Your objective. From the first line of the entries below to the line with "Import ListNotations.", give each line again exactly.

Material for this task Start Marker

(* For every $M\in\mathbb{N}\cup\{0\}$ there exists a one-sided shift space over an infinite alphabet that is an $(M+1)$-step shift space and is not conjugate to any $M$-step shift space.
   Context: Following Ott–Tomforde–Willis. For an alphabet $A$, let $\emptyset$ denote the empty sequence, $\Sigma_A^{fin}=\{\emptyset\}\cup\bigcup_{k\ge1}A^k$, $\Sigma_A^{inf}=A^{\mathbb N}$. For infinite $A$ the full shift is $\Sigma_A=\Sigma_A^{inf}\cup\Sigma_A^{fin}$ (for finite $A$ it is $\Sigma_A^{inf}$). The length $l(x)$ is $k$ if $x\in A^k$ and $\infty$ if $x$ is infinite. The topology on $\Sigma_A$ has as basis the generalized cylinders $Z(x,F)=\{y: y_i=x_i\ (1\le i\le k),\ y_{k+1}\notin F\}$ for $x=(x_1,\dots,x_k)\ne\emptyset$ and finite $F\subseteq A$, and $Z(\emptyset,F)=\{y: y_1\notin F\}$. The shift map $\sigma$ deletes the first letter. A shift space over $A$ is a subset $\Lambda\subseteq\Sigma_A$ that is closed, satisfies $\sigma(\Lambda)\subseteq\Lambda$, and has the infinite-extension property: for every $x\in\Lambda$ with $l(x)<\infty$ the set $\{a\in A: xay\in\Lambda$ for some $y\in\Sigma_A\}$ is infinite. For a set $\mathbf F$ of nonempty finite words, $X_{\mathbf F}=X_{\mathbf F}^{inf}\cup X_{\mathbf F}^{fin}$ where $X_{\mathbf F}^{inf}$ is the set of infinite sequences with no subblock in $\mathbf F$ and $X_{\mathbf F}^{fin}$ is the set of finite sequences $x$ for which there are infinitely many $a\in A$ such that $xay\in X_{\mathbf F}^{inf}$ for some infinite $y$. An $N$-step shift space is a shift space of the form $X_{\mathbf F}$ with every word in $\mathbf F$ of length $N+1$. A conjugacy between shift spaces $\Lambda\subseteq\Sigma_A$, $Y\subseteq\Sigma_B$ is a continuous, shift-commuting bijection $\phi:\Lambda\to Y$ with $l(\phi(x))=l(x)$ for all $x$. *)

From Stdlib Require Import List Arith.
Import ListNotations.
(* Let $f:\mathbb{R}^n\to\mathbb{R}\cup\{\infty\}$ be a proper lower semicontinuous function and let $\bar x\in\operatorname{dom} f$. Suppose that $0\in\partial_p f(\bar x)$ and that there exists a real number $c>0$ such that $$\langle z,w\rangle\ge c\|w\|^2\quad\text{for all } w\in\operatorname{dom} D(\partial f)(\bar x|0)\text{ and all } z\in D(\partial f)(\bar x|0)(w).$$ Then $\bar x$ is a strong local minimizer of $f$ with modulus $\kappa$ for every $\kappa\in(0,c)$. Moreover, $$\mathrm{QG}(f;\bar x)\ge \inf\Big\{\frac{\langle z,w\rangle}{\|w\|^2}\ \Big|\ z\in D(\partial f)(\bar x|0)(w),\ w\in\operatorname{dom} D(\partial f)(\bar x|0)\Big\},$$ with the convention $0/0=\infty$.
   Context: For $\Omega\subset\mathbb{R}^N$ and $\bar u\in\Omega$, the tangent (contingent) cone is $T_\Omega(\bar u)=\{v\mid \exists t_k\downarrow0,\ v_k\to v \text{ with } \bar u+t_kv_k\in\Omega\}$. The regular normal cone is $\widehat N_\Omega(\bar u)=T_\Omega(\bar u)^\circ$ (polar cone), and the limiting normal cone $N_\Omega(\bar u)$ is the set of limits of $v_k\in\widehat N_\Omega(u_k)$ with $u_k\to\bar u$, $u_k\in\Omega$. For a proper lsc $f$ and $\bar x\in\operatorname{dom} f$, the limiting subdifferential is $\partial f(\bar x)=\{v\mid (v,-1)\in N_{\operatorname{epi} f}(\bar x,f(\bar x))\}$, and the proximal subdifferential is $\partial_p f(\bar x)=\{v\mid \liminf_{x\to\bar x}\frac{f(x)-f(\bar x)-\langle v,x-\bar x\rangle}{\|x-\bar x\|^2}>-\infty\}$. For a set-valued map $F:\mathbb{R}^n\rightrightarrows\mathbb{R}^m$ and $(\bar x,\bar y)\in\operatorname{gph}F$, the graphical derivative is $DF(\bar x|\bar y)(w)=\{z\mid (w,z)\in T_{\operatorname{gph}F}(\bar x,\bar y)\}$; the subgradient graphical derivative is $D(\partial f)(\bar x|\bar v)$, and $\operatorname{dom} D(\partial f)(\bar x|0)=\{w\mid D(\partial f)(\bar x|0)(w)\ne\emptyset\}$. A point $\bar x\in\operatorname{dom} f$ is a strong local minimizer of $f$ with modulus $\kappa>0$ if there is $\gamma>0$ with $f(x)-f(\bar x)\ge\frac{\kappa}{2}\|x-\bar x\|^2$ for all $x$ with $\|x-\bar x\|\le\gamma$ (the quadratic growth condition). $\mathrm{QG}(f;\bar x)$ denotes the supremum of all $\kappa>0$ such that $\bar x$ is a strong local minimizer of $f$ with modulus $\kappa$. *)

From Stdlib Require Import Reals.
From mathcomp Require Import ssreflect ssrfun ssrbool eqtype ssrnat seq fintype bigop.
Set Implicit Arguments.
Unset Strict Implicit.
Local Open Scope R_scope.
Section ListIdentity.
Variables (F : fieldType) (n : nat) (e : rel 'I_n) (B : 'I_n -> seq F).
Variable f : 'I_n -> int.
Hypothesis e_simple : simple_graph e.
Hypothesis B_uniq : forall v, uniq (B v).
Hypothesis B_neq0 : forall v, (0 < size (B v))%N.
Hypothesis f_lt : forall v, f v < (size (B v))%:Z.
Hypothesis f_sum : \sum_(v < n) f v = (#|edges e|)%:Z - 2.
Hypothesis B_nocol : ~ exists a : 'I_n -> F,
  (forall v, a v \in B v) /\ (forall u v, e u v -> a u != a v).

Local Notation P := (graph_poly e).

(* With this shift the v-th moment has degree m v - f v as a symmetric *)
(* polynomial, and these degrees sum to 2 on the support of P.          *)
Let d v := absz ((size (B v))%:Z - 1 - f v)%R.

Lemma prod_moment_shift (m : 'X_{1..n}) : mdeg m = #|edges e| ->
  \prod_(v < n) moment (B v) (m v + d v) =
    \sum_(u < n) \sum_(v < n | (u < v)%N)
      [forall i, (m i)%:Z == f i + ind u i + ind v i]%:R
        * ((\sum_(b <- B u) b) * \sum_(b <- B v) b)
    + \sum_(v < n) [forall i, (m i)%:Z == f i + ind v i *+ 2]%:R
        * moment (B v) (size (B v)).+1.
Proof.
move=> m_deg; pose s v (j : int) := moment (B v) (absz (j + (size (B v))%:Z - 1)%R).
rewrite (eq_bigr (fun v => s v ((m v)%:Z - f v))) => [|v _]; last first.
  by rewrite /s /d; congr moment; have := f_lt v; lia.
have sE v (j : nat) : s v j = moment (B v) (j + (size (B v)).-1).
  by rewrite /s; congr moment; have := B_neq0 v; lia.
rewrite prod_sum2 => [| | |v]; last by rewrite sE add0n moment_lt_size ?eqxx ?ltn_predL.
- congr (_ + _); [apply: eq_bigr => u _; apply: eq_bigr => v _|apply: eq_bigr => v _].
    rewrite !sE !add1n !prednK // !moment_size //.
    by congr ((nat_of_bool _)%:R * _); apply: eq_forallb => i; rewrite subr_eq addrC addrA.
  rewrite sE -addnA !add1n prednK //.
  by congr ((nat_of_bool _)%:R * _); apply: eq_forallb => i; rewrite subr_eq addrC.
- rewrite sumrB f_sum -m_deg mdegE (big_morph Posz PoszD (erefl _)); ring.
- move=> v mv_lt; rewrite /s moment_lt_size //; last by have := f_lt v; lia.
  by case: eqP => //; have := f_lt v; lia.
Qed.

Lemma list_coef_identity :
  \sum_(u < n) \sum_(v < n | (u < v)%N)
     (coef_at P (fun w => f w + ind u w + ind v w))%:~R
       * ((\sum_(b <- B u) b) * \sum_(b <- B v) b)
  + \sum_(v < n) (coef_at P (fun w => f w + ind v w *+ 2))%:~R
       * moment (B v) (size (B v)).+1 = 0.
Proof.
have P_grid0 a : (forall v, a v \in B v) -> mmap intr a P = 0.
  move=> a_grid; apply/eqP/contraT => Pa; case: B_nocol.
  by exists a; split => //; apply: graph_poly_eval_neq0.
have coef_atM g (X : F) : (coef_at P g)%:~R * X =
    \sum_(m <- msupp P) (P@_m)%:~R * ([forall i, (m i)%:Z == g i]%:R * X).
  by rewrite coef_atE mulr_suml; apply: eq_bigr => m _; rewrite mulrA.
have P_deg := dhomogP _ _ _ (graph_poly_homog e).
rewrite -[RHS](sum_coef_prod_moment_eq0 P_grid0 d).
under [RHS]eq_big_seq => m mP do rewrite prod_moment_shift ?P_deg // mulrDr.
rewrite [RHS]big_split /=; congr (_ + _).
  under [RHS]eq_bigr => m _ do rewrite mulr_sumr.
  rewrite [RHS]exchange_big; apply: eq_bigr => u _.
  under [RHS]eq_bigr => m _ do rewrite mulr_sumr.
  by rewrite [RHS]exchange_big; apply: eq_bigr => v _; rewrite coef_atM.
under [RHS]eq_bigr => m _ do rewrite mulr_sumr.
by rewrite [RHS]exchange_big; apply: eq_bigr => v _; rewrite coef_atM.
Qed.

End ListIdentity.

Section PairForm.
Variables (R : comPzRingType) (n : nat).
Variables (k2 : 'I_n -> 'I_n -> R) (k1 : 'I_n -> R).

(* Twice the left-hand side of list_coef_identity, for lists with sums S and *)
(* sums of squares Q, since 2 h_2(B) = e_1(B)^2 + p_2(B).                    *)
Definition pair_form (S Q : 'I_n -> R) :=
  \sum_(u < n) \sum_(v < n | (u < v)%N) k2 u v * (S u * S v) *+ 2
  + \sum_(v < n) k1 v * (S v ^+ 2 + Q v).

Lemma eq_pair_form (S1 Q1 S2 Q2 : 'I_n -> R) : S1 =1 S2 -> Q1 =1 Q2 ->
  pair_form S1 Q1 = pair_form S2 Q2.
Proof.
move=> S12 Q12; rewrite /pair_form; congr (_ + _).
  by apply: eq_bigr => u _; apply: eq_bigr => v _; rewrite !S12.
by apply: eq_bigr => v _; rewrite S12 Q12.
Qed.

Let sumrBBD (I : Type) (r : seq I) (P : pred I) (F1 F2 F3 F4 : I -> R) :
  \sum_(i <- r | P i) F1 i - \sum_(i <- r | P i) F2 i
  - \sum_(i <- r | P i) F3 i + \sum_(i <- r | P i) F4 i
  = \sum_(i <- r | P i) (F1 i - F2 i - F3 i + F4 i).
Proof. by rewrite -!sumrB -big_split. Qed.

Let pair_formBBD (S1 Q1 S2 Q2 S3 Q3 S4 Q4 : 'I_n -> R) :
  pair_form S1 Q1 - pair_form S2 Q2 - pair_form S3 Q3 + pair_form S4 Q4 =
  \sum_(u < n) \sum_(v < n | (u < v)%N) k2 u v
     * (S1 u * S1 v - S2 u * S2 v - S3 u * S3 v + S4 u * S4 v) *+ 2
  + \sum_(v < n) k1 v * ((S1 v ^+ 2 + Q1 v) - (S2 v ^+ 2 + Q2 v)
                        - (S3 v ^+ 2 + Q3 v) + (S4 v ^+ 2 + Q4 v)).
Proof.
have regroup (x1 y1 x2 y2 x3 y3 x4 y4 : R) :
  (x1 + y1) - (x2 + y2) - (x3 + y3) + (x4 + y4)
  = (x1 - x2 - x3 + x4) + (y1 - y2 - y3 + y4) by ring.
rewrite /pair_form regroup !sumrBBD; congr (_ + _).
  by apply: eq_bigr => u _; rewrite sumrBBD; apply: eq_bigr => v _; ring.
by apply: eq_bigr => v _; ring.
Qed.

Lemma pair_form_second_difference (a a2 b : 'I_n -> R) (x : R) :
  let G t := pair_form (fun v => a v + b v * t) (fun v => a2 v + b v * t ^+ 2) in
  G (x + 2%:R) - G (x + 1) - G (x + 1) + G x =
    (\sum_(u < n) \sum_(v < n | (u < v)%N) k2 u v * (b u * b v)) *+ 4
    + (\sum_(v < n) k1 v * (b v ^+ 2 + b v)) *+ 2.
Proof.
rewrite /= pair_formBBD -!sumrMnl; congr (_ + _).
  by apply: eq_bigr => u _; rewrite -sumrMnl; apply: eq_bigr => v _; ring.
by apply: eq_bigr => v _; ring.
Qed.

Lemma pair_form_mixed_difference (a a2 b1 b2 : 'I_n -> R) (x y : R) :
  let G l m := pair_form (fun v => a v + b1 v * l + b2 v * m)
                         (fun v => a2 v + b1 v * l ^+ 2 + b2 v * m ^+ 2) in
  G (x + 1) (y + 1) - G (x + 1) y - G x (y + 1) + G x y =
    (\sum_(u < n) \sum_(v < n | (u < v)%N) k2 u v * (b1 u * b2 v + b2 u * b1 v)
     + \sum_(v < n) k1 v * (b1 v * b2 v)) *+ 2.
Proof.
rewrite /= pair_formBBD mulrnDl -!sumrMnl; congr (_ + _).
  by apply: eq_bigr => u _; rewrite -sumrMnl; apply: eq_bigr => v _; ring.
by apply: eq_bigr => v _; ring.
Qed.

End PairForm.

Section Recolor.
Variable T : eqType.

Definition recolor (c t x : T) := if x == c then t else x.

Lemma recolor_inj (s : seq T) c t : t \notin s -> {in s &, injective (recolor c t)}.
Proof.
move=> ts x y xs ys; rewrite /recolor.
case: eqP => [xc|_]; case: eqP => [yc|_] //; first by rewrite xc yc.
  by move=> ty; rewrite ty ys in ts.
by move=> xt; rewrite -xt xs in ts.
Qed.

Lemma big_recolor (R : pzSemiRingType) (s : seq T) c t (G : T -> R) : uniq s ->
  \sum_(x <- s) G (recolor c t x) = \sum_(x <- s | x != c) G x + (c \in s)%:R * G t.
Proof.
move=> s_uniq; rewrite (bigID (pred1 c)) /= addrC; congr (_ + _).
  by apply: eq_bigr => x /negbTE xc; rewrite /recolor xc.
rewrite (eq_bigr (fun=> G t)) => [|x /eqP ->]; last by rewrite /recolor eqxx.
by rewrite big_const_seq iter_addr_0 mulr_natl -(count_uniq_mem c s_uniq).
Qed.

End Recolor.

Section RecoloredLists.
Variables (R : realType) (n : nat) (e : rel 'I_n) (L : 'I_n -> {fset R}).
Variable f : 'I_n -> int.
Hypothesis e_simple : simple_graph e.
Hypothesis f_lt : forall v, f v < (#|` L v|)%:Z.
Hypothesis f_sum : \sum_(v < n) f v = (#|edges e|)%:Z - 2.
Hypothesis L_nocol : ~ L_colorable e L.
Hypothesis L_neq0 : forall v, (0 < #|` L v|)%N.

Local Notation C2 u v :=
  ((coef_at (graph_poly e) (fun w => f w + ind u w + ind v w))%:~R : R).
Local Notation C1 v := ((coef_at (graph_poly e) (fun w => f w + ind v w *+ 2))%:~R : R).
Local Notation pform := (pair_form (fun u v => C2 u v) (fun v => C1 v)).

Material for this task End Marker

Solution to this exercise.
(* For every $M\in\mathbb{N}\cup\{0\}$ there exists a one-sided shift space over an infinite alphabet that is an $(M+1)$-step shift space and is not conjugate to any $M$-step shift space.
   Context: Following Ott–Tomforde–Willis. For an alphabet $A$, let $\emptyset$ denote the empty sequence, $\Sigma_A^{fin}=\{\emptyset\}\cup\bigcup_{k\ge1}A^k$, $\Sigma_A^{inf}=A^{\mathbb N}$. For infinite $A$ the full shift is $\Sigma_A=\Sigma_A^{inf}\cup\Sigma_A^{fin}$ (for finite $A$ it is $\Sigma_A^{inf}$). The length $l(x)$ is $k$ if $x\in A^k$ and $\infty$ if $x$ is infinite. The topology on $\Sigma_A$ has as basis the generalized cylinders $Z(x,F)=\{y: y_i=x_i\ (1\le i\le k),\ y_{k+1}\notin F\}$ for $x=(x_1,\dots,x_k)\ne\emptyset$ and finite $F\subseteq A$, and $Z(\emptyset,F)=\{y: y_1\notin F\}$. The shift map $\sigma$ deletes the first letter. A shift space over $A$ is a subset $\Lambda\subseteq\Sigma_A$ that is closed, satisfies $\sigma(\Lambda)\subseteq\Lambda$, and has the infinite-extension property: for every $x\in\Lambda$ with $l(x)<\infty$ the set $\{a\in A: xay\in\Lambda$ for some $y\in\Sigma_A\}$ is infinite. For a set $\mathbf F$ of nonempty finite words, $X_{\mathbf F}=X_{\mathbf F}^{inf}\cup X_{\mathbf F}^{fin}$ where $X_{\mathbf F}^{inf}$ is the set of infinite sequences with no subblock in $\mathbf F$ and $X_{\mathbf F}^{fin}$ is the set of finite sequences $x$ for which there are infinitely many $a\in A$ such that $xay\in X_{\mathbf F}^{inf}$ for some infinite $y$. An $N$-step shift space is a shift space of the form $X_{\mathbf F}$ with every word in $\mathbf F$ of length $N+1$. A conjugacy between shift spaces $\Lambda\subseteq\Sigma_A$, $Y\subseteq\Sigma_B$ is a continuous, shift-commuting bijection $\phi:\Lambda\to Y$ with $l(\phi(x))=l(x)$ for all $x$. *)

From Stdlib Require Import List Arith.
Import ListNotations.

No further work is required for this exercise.